ABOUT THIS TASK: Take the lines below between the one holding "eval O (PMu f) v n" and the one holding "CodeSeq.code [:: 2; i]", inclusive, and copy them exactly. Add nothing.

Collected data entries
[Start of section]

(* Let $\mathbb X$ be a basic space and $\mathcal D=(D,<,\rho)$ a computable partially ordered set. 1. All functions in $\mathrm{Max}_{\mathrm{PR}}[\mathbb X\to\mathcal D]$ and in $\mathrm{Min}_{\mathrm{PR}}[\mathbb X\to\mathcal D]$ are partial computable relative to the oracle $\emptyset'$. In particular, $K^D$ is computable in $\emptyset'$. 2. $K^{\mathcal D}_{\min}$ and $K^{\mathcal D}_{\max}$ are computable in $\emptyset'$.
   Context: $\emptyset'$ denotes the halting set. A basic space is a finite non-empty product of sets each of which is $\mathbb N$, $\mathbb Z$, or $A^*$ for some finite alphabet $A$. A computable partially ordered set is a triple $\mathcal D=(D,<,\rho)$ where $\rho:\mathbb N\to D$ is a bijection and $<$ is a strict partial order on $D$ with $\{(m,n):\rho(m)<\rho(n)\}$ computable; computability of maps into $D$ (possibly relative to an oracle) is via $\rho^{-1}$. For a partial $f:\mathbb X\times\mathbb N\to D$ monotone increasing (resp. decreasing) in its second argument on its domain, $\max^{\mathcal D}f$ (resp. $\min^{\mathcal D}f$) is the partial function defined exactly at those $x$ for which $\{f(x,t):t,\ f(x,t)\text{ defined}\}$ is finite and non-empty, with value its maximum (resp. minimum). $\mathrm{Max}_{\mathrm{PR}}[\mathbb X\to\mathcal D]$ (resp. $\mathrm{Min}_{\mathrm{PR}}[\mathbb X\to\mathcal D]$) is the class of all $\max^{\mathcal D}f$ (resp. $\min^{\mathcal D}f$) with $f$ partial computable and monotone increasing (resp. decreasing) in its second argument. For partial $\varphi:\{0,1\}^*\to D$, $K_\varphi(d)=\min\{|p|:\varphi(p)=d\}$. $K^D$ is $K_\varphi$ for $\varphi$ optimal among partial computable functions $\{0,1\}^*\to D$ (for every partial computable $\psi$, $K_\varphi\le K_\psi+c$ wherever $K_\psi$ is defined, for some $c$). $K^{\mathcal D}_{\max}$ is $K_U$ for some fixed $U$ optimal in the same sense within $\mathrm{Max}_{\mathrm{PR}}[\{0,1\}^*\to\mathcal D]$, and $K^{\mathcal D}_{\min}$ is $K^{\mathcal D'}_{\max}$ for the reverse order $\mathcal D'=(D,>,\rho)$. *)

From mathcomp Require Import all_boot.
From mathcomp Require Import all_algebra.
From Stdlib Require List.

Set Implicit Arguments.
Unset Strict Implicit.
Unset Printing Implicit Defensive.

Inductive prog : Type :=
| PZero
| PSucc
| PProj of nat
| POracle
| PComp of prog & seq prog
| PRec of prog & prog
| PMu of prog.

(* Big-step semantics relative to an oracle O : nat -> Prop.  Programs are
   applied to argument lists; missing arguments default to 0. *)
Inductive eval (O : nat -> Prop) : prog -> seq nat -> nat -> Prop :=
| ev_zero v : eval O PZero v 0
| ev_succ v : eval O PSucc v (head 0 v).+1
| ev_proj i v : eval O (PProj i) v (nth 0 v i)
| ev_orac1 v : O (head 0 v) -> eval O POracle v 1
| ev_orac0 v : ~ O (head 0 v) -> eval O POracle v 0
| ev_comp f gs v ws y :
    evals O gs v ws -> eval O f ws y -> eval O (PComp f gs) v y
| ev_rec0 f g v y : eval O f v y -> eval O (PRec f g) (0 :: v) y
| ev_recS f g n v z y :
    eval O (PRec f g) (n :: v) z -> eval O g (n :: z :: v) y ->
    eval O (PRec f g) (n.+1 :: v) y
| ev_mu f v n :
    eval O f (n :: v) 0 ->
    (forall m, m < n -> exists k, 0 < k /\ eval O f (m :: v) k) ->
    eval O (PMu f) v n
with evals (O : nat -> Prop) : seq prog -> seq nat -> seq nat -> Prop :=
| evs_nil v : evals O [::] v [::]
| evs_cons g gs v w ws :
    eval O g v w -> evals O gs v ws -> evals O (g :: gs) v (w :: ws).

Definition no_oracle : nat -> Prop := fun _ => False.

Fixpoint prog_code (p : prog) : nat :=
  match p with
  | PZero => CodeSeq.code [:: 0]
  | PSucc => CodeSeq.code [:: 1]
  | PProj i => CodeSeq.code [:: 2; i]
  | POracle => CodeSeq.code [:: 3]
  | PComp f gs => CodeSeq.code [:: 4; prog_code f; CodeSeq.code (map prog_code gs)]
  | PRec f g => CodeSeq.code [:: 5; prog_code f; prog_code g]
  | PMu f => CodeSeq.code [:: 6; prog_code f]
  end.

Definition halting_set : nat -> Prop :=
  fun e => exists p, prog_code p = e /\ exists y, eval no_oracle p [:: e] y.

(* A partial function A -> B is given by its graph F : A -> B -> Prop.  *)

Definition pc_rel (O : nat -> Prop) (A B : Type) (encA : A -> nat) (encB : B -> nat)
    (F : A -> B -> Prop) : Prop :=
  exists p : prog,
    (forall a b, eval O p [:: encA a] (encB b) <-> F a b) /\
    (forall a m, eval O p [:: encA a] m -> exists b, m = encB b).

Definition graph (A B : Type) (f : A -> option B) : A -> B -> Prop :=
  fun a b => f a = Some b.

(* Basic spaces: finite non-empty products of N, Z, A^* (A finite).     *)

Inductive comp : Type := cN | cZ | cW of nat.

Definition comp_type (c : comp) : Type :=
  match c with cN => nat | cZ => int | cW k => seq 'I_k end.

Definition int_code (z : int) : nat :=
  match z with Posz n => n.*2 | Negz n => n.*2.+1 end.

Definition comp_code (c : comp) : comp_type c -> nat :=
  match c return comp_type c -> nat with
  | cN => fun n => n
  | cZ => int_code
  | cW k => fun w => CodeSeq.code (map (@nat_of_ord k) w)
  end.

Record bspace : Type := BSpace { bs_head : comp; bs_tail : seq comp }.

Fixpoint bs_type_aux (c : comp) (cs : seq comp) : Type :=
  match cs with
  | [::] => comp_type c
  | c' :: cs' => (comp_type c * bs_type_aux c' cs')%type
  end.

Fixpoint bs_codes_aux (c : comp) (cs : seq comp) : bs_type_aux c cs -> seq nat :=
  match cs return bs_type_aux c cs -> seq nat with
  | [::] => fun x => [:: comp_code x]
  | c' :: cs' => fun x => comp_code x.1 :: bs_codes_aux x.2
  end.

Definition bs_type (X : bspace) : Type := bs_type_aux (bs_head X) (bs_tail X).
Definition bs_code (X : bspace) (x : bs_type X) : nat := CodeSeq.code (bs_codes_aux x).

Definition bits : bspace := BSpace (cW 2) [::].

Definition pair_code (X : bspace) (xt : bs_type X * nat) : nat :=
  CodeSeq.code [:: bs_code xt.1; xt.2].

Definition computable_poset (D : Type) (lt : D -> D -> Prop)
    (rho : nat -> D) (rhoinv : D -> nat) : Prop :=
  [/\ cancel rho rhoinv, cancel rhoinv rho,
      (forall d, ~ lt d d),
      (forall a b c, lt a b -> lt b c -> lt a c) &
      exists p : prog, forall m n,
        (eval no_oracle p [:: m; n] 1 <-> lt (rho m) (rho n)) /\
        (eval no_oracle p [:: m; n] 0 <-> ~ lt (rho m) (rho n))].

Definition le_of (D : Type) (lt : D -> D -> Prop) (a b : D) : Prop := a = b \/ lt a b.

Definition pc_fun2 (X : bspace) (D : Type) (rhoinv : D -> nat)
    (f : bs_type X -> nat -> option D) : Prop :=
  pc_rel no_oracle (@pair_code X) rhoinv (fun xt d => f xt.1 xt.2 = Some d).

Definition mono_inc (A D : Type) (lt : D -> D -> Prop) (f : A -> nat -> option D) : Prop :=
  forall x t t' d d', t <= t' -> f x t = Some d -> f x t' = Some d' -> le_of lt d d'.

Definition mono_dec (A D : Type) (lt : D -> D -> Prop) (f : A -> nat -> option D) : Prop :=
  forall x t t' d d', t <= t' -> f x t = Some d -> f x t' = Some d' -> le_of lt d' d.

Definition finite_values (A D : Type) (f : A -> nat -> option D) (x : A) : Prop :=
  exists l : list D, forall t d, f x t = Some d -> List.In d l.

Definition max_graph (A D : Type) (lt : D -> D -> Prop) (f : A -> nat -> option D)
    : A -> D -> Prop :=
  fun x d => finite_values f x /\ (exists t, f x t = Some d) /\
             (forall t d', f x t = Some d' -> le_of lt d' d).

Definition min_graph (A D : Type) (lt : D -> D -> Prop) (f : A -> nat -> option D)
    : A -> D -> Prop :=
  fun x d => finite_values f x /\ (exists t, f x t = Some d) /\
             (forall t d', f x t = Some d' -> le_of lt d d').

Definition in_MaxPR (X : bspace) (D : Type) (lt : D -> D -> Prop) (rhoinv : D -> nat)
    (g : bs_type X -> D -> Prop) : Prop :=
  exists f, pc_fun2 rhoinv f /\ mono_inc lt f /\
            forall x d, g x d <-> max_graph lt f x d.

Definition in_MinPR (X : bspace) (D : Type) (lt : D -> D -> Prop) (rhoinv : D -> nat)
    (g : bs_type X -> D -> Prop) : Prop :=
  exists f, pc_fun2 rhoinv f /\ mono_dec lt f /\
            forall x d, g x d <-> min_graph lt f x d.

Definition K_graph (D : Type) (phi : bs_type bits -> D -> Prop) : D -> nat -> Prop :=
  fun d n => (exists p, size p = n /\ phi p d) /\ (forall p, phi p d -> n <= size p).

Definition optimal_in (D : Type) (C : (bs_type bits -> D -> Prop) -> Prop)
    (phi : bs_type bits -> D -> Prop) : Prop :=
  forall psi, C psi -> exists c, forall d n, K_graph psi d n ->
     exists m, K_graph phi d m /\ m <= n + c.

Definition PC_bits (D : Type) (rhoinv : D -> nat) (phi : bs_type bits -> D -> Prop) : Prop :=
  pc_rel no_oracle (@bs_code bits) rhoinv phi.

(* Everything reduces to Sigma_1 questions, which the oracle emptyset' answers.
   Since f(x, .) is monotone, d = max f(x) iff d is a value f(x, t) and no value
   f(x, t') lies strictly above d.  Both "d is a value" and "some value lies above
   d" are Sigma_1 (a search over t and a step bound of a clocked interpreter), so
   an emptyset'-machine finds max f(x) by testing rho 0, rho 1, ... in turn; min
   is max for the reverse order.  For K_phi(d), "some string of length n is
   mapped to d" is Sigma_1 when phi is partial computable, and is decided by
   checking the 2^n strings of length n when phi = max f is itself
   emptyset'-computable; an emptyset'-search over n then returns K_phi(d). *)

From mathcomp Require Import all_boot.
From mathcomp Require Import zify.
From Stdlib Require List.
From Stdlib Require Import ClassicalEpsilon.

[End of section]

YOUR RESPONSE:
    eval O (PMu f) v n
with evals (O : nat -> Prop) : seq prog -> seq nat -> seq nat -> Prop :=
| evs_nil v : evals O [::] v [::]
| evs_cons g gs v w ws :
    eval O g v w -> evals O gs v ws -> evals O (g :: gs) v (w :: ws).

Definition no_oracle : nat -> Prop := fun _ => False.

Fixpoint prog_code (p : prog) : nat :=
  match p with
  | PZero => CodeSeq.code [:: 0]
  | PSucc => CodeSeq.code [:: 1]
  | PProj i => CodeSeq.code [:: 2; i]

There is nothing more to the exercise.